Bill Gates Says This Could Be Worth “10 Microsofts”

If You Missed Investing In Microsoft in 1996 – Read This

I can’t believe so many investors haven’t heard about something Microsoft founder Bill Gates told a group of college students in 2004.

This could be your chance to get in on the ground floor!

Click here to discover more!

Motley Fool contributor Steve Holland has no position in any of the stocks mentioned. The Motley Fool Australia has no position in any of the stocks mentioned. We Fools may not all hold the same opinions, but we all believe that considering a diverse range of insights makes us better investors. The Motley Fool has a disclosure policy. This article contains general investment advice only (under AFSL 400691). Authorised by Bruce Jackson.

The 5 mining stocks we’re recommending in 2019…

For decades, Australian mining companies have minted money for individual investors like you and me. But if you believe the pundits and talking heads on TV, those days are long gone.

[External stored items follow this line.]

Lemma sub_selection_starts_in {F : Type} {Fd : F -> Prop} {BB : branch F -> Prop} {x y : F} :
  (forall b, BB b -> starts_in Fd b x) ->
  forall c, sub_selection BB x y c -> starts_in Fd c y.
Proof.
  intros Hstart c [Hc [b [Hb Hbc]]]. split; [|exact Hc].
  destruct (Hstart b Hb) as [Hbranch _].
  destruct c as [s | l z], b as [s' | l' z']; simpl in *; try contradiction.
  - intro k. rewrite <- (Hbc (S k)). apply Hbranch.
  - destruct Hbc as [-> ->]. destruct Hbranch as [Hl Hz]. now inversion Hl.
Qed.

Lemma not_branch_selection_refutation {F : Type} {Fd : F -> Prop}
    {R : F -> (F -> Prop) -> Prop} {BB : branch F -> Prop} {y : F} :
  (forall c, BB c -> starts_in Fd c y) -> ~ branch_selection Fd R y BB ->
  exists J r, refutes_selection Fd R BB y J r.
Proof.
  intros Hstart Hnot. apply NNPP; intro Hnone.
  apply Hnot. split; [exact Hstart|]. intros J HJ Hlc [r Hr].
  apply NNPP; intro Hmiss. apply Hnone. exists J, r.
  split; [exact HJ | split; [exact Hlc | split; [exact Hr|]]].
  intros c Hc Hjc. apply Hmiss. eauto.
Qed.

Lemma complementary_rule_among_choices {F : Type} {neg : F -> F} {Fd : F -> Prop}
    {R : F -> (F -> Prop) -> Prop} {x : F} :
  (forall a, neg (neg a) = a) -> complementary neg Fd R -> Fd (neg x) ->
  forall y : {B | R (neg x) B} -> F, (forall B, neg_set neg (proj1_sig B) (y B)) ->
  exists A, R x A /\ forall a, A a -> exists B, y B = a.
Proof.
  intros Hinv Hcomp Hnx y Hy.
  set (S := fun B => match excluded_middle_informative (R (neg x) B) with
                     | left HB => neg (y (exist _ B HB))
                     | right _ => x
                     end).
  assert (HS : selection_function R (neg x) S).
  { intros B HB. unfold S. destruct (excluded_middle_informative _) as [HB'|]; [|contradiction].
    destruct (Hy (exist _ B HB')) as [b [Hb ->]]. now rewrite Hinv. }
  destruct (proj1 (Hcomp (neg x) Hnx) S HS) as [A [HA Hsub]].
  rewrite Hinv in HA. exists A. split; [exact HA|].
  intros a Ha. destruct (Hsub a Ha) as [b [[B [HB <-]] ->]].
  unfold S. destruct (excluded_middle_informative _) as [HB'|]; [|contradiction].
  exists (exist _ B HB'). now rewrite Hinv.
Qed.

Theorem mainTheorem4 (F : Type) (neg : F -> F) (t f u : F)
    (Fd : F -> Prop) (R : F -> (F -> Prop) -> Prop)
    (Hframe : is_justification_frame neg t f u Fd R)
    (Hcomp : complementary neg Fd R)
    (x : F) (Hx : Fd x) (BB : branch F -> Prop)
    (HBB : branch_selection Fd R x BB) :
  exists Bnx : F -> Prop, R (neg x) Bnx /\
    forall y, neg_set neg Bnx y ->
      branch_selection Fd R y (sub_selection BB x y).
Proof.
  destruct Hframe as [[_ [_ [_ [Hinv _]]]] [HFd_neg [_ [_ [_ [_ [_ Hbody]]]]]]].
  apply NNPP; intro Hnone.
  destruct (functional_choice (fun (B : {B | R (neg x) B}) y =>
      neg_set neg (proj1_sig B) y /\ ~ branch_selection Fd R y (sub_selection BB x y)))
    as [y Hy].
  { intros [B HB]. apply NNPP; intro Hall. apply Hnone. exists B. split; [exact HB|].
    intros y Hyb. apply NNPP; intro Hnot. apply Hall. eauto. }
  destruct (complementary_rule_among_choices Hinv Hcomp (proj1 (HFd_neg x) Hx) y
              (fun B => proj1 (Hy B))) as [A [HA HAy]].
  destruct (functional_choice (fun (i : {B | A (y B)}) (Jr : {J : justification F & jnode J}) =>
      refutes_selection Fd R (sub_selection BB x (y (proj1_sig i))) (y (proj1_sig i))
        (projT1 Jr) (projT2 Jr)))
    as [Jr HJr].
  { intro i. destruct (not_branch_selection_refutation
      (sub_selection_starts_in (proj1 HBB)) (proj2 (Hy (proj1_sig i)))) as [J [r HJ]].
    now exists (existT _ J r). }
  refine (refuted_rule_not_branch_selection Hx HA (Hbody x A Hx HA) _ HJr HBB).
  intro a. split.
  - intro Ha. destruct (HAy a Ha) as [B <-]. now exists (exist _ B Ha).
  - intros [i <-]. exact (proj2_sig i).
Qed.
Lemma partial_solution_S n U : (n < N)%nat -> partial_solution n U ->
  exists U', partial_solution (S n) U'.
Proof.
  intros Hn [Hres [H0 [Hb Hzero]]].
  destruct (step_op_surjective (step_coef n) h (M - 1) (fun i => - residual U i n)
              (step_coef_pos n Hn) h_pos) as [x [Hx0 [HxM Hx]]].
  replace (S (M - 1)) with M in HxM by lia.
  set (U' := fun i k => if Nat.eqb k (n + 1) then x i else U i k).
  assert (old : forall i k, (k <= n)%nat -> U' i k = U i k).
  { intros i k Hk. unfold U'. destruct (Nat.eqb_spec k (n + 1)); [lia|reflexivity]. }
  assert (new : forall i, U' i (n + 1)%nat = x i)
    by (intros; unfold U'; rewrite Nat.eqb_refl; reflexivity).
  exists U'. split; [|split; [|split]].
  - intros i k Hi Hk.
    replace (residual U' i k) with (residual U i k + (residual U' i k - residual U i k)) by ring.
    rewrite residual_sub by (intros; apply old; lia).
    destruct (Nat.eq_dec k n) as [->|Hkn].
    + rewrite (step_op_ext _ _ _ x) by (intros j; rewrite new, (Hzero j) by lia; ring).
      rewrite Hx by exact Hi. ring.
    + rewrite Hres by lia.
      rewrite (step_op_ext _ _ _ (fun _ => 0)) by (intros j; rewrite old by lia; ring).
      unfold step_op, Rdiv; ring.
  - intros i Hi. rewrite old by lia. apply H0, Hi.
  - intros k Hk. destruct (Nat.eq_dec k (n + 1)) as [->|Hkn].
    + rewrite !new. split; assumption.
    + rewrite !old by lia. apply Hb; lia.
  - intros i k Hk. unfold U'. destruct (Nat.eqb_spec k (n + 1)); [lia|]. apply Hzero; lia.
Qed.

Finito! Behind us forever…

We say nothing could be further from the truth. To earn the really massive returns, you’ve got to fish where others aren’t fishing—and the mining sector could be primed for a resurgence. That’s why top Motley Fool analysts just revealed their exciting new research on 5 ASX miners they believe could help you profit in 2019 and beyond…


The best way we see to play the global zinc shortage… Our #1 favourite large-cap miner (hint: it’s not BHP)… one early-stage gold miner we think could hit the motherlode… Plus two more surprising companies you probably haven’t heard of yet!

For free access to our brand-new research, simply click here or the link below. But be warned, this research is available free for a limited time only, and we reserve the right to withdraw it at any time.

Click here for your FREE report!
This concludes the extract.